Theory notes
============

Sampling moire phase
--------------------

The sampling moire method generates multiple phase-shifted moire images from a
single grating image by thinning the image at different sampling offsets and
interpolating each sampled image back to the original grid.

For equally shifted images

.. math::

   I_k = a + b \cos\left(\phi + \frac{2\pi k}{N}\right),

the wrapped phase can be estimated from the first Fourier component:

.. math::

   \phi = \mathrm{atan2}\left(-\sum_k I_k \sin\frac{2\pi k}{N},
                              \sum_k I_k \cos\frac{2\pi k}{N}\right).

In ``moirestrain``, ``phase_shifted_stack`` generates the phase-shifted moire
image stack and ``wrapped_phase`` applies this phase-shifting formula. The
high-level entry point ``phase_shifted_sampling_moire`` runs the complete
single-direction workflow.

Square-marker grid targets
--------------------------

For a square-marker grid target, the captured image is treated as a grayscale
image after camera pixel averaging. ``separate_grid_components`` first applies
directional smoothing: smoothing along y isolates the x-periodic component,
and smoothing along x isolates the y-periodic component. ``analyze_grid`` then
applies the phase-shifted sampling moire workflow to each component and
computes the small-strain field.

Displacement from phase difference
----------------------------------

The displacement component aligned with the analyzed grating direction is
calculated from the phase difference between deformed and reference images:

.. math::

   u = \frac{\Delta\phi}{2\pi} p.

Here ``p`` is the grating pitch in the displacement unit of interest.
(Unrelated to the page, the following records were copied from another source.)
(* Let $d \ge 4$. Then \[ \tau_d \ge \frac{1}{(d+1)(s_d-1)^2}. \]
   Context: For $d \ge 1$, $\tau_d$ is the minimum of $\beta_1\beta_2\cdots\beta_d$ over all $(\beta_1,\dots,\beta_{d+1}) \in \mathbb{R}^{d+1}$ satisfying $\beta_1 \ge \cdots \ge \beta_{d+1} \ge 0$, $\beta_1+\cdots+\beta_{d+1}=1$, and, for every $t \in \{1,\dots,d\}$, $\prod_{i=1}^t (\beta_i - \beta_{d+1}) \le \sum_{j=t+1}^{d+1} (\beta_j - \beta_{d+1}) + (d+1)\beta_{d+1}$. The Sylvester sequence is defined by $s_1 := 2$ and $s_i := 1 + s_1 s_2 \cdots s_{i-1}$ for $i \ge 2$. *)

From HB Require Import structures.
From mathcomp Require Import all_boot all_order all_algebra.
From mathcomp Require Import boolp classical_sets reals.
Set Implicit Arguments. Unset Strict Implicit. Unset Printing Implicit Defensive.
Import Order.TTheory GRing.Theory Num.Theory.
Local Open Scope ring_scope.

(* Sylvester sequence (1-indexed): s_1 = 2, s_i = 1 + s_1 ... s_(i-1).
   sylv_prod n = s_1 * ... * s_n, and s_(n+1) = sylv_prod n + 1. *)
Fixpoint sylv_prod (n : nat) : nat :=
  match n with
  | 0 => 1
  | n.+1 => (sylv_prod n * (sylv_prod n + 1))%N
  end.
Definition sylv (i : nat) : nat := (sylv_prod i.-1 + 1)%N.

Lemma sylv_prodE n : sylv_prod n = (\prod_(1 <= k < n.+1) sylv k)%N.
Proof.
elim: n => [|n IH]; first by rewrite big_geq.
by rewrite big_nat_recr //= IH /sylv /= -IH.
Qed.

Lemma sylv1 : sylv 1 = 2%N. Proof. by []. Qed.
Lemma sylv_rec i : (2 <= i)%N -> sylv i = (1 + \prod_(1 <= k < i) sylv k)%N.
Proof.
case: i => [|[|i]] // _.
by rewrite {1}/sylv sylv_prodE addnC.
Qed.

(* Feasibility of beta = (beta_1,...,beta_(d+1)), stored 0-indexed:
   paper's beta_i is (b (i-1)), so beta_(d+1) is (b ord_max). *)
Definition tau_feasible {R : realType} (d : nat) (b : 'I_d.+1 -> R) : Prop :=
  [/\ (forall i j : 'I_d.+1, (i <= j)%N -> b j <= b i),
      0 <= b ord_max,
      \sum_(i < d.+1) b i = 1 &
      forall t : nat, (1 <= t <= d)%N ->
        \prod_(i < d.+1 | (i < t)%N) (b i - b ord_max)
        <= \sum_(j < d.+1 | (t <= j)%N) (b j - b ord_max)
           + d.+1%:R * b ord_max].

(* tau_d = min of beta_1 * ... * beta_d over feasible beta
   (taken as the infimum of the set of attained values; the minimum
    is attained by compactness, so the two coincide). *)
Definition tau {R : realType} (d : nat) : R :=
  inf [set x : R | exists b : 'I_d.+1 -> R,
         tau_feasible b /\ x = \prod_(i < d.+1 | (i < d)%N) b i].

From HB Require Import structures.
From mathcomp Require Import all_boot all_order all_algebra.
From mathcomp Require Import boolp classical_sets reals.
From mathcomp Require Import ring lra zify.
Import Order.TTheory GRing.Theory Num.Theory.
Local Open Scope ring_scope.

(* Write c for the last coordinate and x_i := beta_i - c.  The constraints say
   that the product of the first t of the x_i never exceeds the residual mass
   1 - (x_1 + ... + x_t).  The Sylvester reciprocals 1/s_1, 1/s_2, ... meet all
   these constraints with equality, and they are extremal: if the partial sums
   of x ever overtook theirs, the tail sums of x would dominate theirs, and by
   Abel summation and AM-GM a nonincreasing positive sequence whose tail sums
   dominate those of another has the larger product, contradicting the
   constraint.  So the residual after t steps is at least 1/(s_1 ... s_t);
   for t = d this forces c > 0.  These residual bounds then say that the tail
   sums of 1/s_1, ..., 1/s_(d-1), 1/(s_d - 1) are dominated by those of
   beta_1, ..., beta_(d-1) with (d+1) beta_d inserted in sorted position, and
   the same product comparison gives (d+1) beta_1 ... beta_d >= (s_d - 1)^-2. *)

Lemma sylv_prod_gt0 n : (0 < sylv_prod n)%N.
Proof. by elim: n => //= n IH; rewrite muln_gt0 IH addn1. Qed.

Lemma sylv_prod_ge k : (2 <= k)%N -> (k.+2 <= sylv_prod k)%N.
Proof.
elim: k => // k IH; rewrite leq_eqVlt => /orP[/eqP <- // | /IH {}IH] /=.
nia.
Qed.

Lemma sum_drop_map_iota {V : nmodType} (f : nat -> V) n k :
  \sum_(v <- drop k [seq f i | i <- iota 0 n]) v = \sum_(k <= i < n) f i.
Proof. by rewrite -map_drop drop_iota add0n big_map. Qed.

Lemma prod_map_iota {S : pzSemiRingType} (f : nat -> S) n :
  \prod_(v <- [seq f i | i <- iota 0 n]) v = \prod_(i < n) f i.
Proof. by rewrite big_map -(big_mkord xpredT) /index_iota subn0. Qed.

Lemma sorted_ge_map_iota {R : numDomainType} (f : nat -> R) n :
  (forall i j, (i <= j < n)%N -> f j <= f i) -> sorted >=%R [seq f i | i <- iota 0 n].
Proof.
move=> f_decr; apply: (@homo_sorted_in _ _ (gtn n)) (iota_sorted 0 n).
  by move=> i j _ jn ij; apply: f_decr; rewrite ij.
by apply/allP => i; rewrite mem_iota.
Qed.

Section SylvesterReciprocals.
Context {R : realFieldType}.

Definition sylv_rem t : R := (sylv_prod t)%:R^-1.

Lemma sylv_rem0 : sylv_rem 0 = 1.
Proof. by rewrite /sylv_rem invr1. Qed.

Lemma sylv_rem_gt0 t : 0 < sylv_rem t.
Proof. by rewrite invr_gt0 ltr0n sylv_prod_gt0. Qed.

Lemma inv_sylvE t : (sylv t.+1)%:R^-1 = sylv_rem t - sylv_rem t.+1 :> R.
Proof.
have P0 : 0 < (sylv_prod t)%:R :> R by rewrite ltr0n sylv_prod_gt0.
rewrite /sylv_rem /sylv /= natrM natrD; field; lra.
Qed.

Lemma prod_inv_sylv n : \prod_(i < n) (sylv i.+1)%:R^-1 = sylv_rem n.
Proof.
by rewrite /sylv_rem sylv_prodE big_add1 /= big_mkord natr_prod prodfV.
Qed.

Lemma sum_inv_sylv k n : (k <= n)%N ->
  \sum_(k <= i < n) (sylv i.+1)%:R^-1 = sylv_rem k - sylv_rem n :> R.
Proof.
move=> kn; rewrite (telescope_sumr_eq (fun i => - sylv_rem i) _ kn) => [|i _].
  by rewrite opprK addrC.
by rewrite inv_sylvE opprK addrC.
Qed.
If the
pitch is expressed in pixels, the displacement is returned in pixels.

Strain field direction
----------------------

Small strain is obtained from spatial gradients of displacement:

.. math::

   \varepsilon_{xx} = \frac{\partial u}{\partial x}, \quad
   \varepsilon_{yy} = \frac{\partial v}{\partial y}, \quad
   \gamma_{xy} = \frac{\partial u}{\partial y} + \frac{\partial v}{\partial x}.

``moirestrain.strain_field`` provides these small-strain components. For noisy
experimental data, use the ``smooth_window`` option because differentiating a
noisy displacement field directly amplifies high-frequency noise.

Perspective rectification
-------------------------

For a planar specimen surface, camera tilt can be modeled by a homography:

.. math::

   \mathbf{x}' \sim \mathbf{H}\mathbf{x}.

``moirestrain.rectify_image`` estimates this transform from four image corner
points and resamples the grating ROI into a fronto-parallel image. Phase,
displacement, and strain analysis should then be performed in the rectified
coordinate system. If physical corner coordinates are available,
``PerspectiveCalibration.pixel_spacing`` can be passed to ``strain_field`` as
``spacing=(dy, dx)``.